THE TASK:
Without omission or alteration, write out all of the data.

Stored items
::::::::

(* Let $\mathcal A$ be a finite set, $\mathcal R$ a finite subset of $F(\mathcal A)$ and $\phi:F(\mathcal A)\to F(\mathcal A)$ a homomorphism. Then there are a finite set $\mathcal B$, a finite set $\mathcal R'\subset F(\mathcal B)$, a monomorphism $\phi':F(\mathcal B)\to F(\mathcal B)$ and an isomorphism $$\rho:\langle t,\mathcal A:\mathcal R,\ t^{-1}at=\phi(a)\ (a\in\mathcal A)\rangle\to\langle t,\mathcal B:\mathcal R',\ t^{-1}bt=\phi'(b)\ (b\in\mathcal B)\rangle.$$ Furthermore, if $q_{\mathcal A}:F(\mathcal A\cup\{t\})\to\langle t,\mathcal A:\mathcal R,\ t^{-1}at=\phi(a)\rangle$ and $q_{\mathcal B}:F(\mathcal B\cup\{t\})\to\langle t,\mathcal B:\mathcal R',\ t^{-1}bt=\phi'(b)\rangle$ are the natural projections, there is an epimorphism $\rho':F(\mathcal A\cup\{t\})\to F(\mathcal B\cup\{t\})$ such that (1) $\rho'(t)=t$; (2) $q_{\mathcal B}\circ\rho'=\rho\circ q_{\mathcal A}$; (3) $\rho'(\mathcal R)=\mathcal R'$, $\rho'(N_{F(\mathcal A)}(\mathcal R))=N_{F(\mathcal B)}(\mathcal R')$ and $\rho'(N_{F(\mathcal A\cup\{t\})}(\mathcal R))=N_{F(\mathcal B\cup\{t\})}(\mathcal R')$.
   Context: $F(S)$ denotes the free group on a set $S$; for a group $H$ and subset $S$, $N_H(S)$ denotes the normal closure of $S$ in $H$. *)

From mathcomp Require Import all_boot.
Set Implicit Arguments. Unset Strict Implicit. Unset Printing Implicit Defensive.

Section FreeGroup.
Variable A : eqType.

(* a letter is a generator together with an "inverse" flag *)
Definition letter := (A * bool)%type.
Definition linv (x : letter) : letter := (x.1, ~~ x.2).

Definition reduced (w : seq letter) : bool :=
  sorted (fun x y => y != linv x) w.

Definition push (x : letter) (s : seq letter) : seq letter :=
  if s is y :: s' then (if y == linv x then s' else x :: s) else [:: x].
Definition red (w : seq letter) : seq letter := foldr push [::] w.

Lemma reduced_push x s : reduced s -> reduced (push x s).
Proof.
case: s => [|y s] //= Hs.
case: eqP => [_|/eqP Hy].
  by case: s Hs => //= z s /andP[].
by rewrite /reduced /= Hy.
Qed.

::::::::

WRITTEN RESPONSE:
(* Let $\mathcal A$ be a finite set, $\mathcal R$ a finite subset of $F(\mathcal A)$ and $\phi:F(\mathcal A)\to F(\mathcal A)$ a homomorphism. Then there are a finite set $\mathcal B$, a finite set $\mathcal R'\subset F(\mathcal B)$, a monomorphism $\phi':F(\mathcal B)\to F(\mathcal B)$ and an isomorphism $$\rho:\langle t,\mathcal A:\mathcal R,\ t^{-1}at=\phi(a)\ (a\in\mathcal A)\rangle\to\langle t,\mathcal B:\mathcal R',\ t^{-1}bt=\phi'(b)\ (b\in\mathcal B)\rangle.$$ Furthermore, if $q_{\mathcal A}:F(\mathcal A\cup\{t\})\to\langle t,\mathcal A:\mathcal R,\ t^{-1}at=\phi(a)\rangle$ and $q_{\mathcal B}:F(\mathcal B\cup\{t\})\to\langle t,\mathcal B:\mathcal R',\ t^{-1}bt=\phi'(b)\rangle$ are the natural projections, there is an epimorphism $\rho':F(\mathcal A\cup\{t\})\to F(\mathcal B\cup\{t\})$ such that (1) $\rho'(t)=t$; (2) $q_{\mathcal B}\circ\rho'=\rho\circ q_{\mathcal A}$; (3) $\rho'(\mathcal R)=\mathcal R'$, $\rho'(N_{F(\mathcal A)}(\mathcal R))=N_{F(\mathcal B)}(\mathcal R')$ and $\rho'(N_{F(\mathcal A\cup\{t\})}(\mathcal R))=N_{F(\mathcal B\cup\{t\})}(\mathcal R')$.
   Context: $F(S)$ denotes the free group on a set $S$; for a group $H$ and subset $S$, $N_H(S)$ denotes the normal closure of $S$ in $H$. *)

From mathcomp Require Import all_boot.
Set Implicit Arguments. Unset Strict Implicit. Unset Printing Implicit Defensive.

Section FreeGroup.
Variable A : eqType.

(* a letter is a generator together with an "inverse" flag *)
Definition letter := (A * bool)%type.
Definition linv (x : letter) : letter := (x.1, ~~ x.2).

Definition reduced (w : seq letter) : bool :=
  sorted (fun x y => y != linv x) w.

Definition push (x : letter) (s : seq letter) : seq letter :=
  if s is y :: s' then (if y == linv x then s' else x :: s) else [:: x].
Definition red (w : seq letter) : seq letter := foldr push [::] w.

Lemma reduced_push x s : reduced s -> reduced (push x s).
Proof.
case: s => [|y s] //= Hs.
case: eqP => [_|/eqP Hy].
  by case: s Hs => //= z s /andP[].
by rewrite /reduced /= Hy.
Qed.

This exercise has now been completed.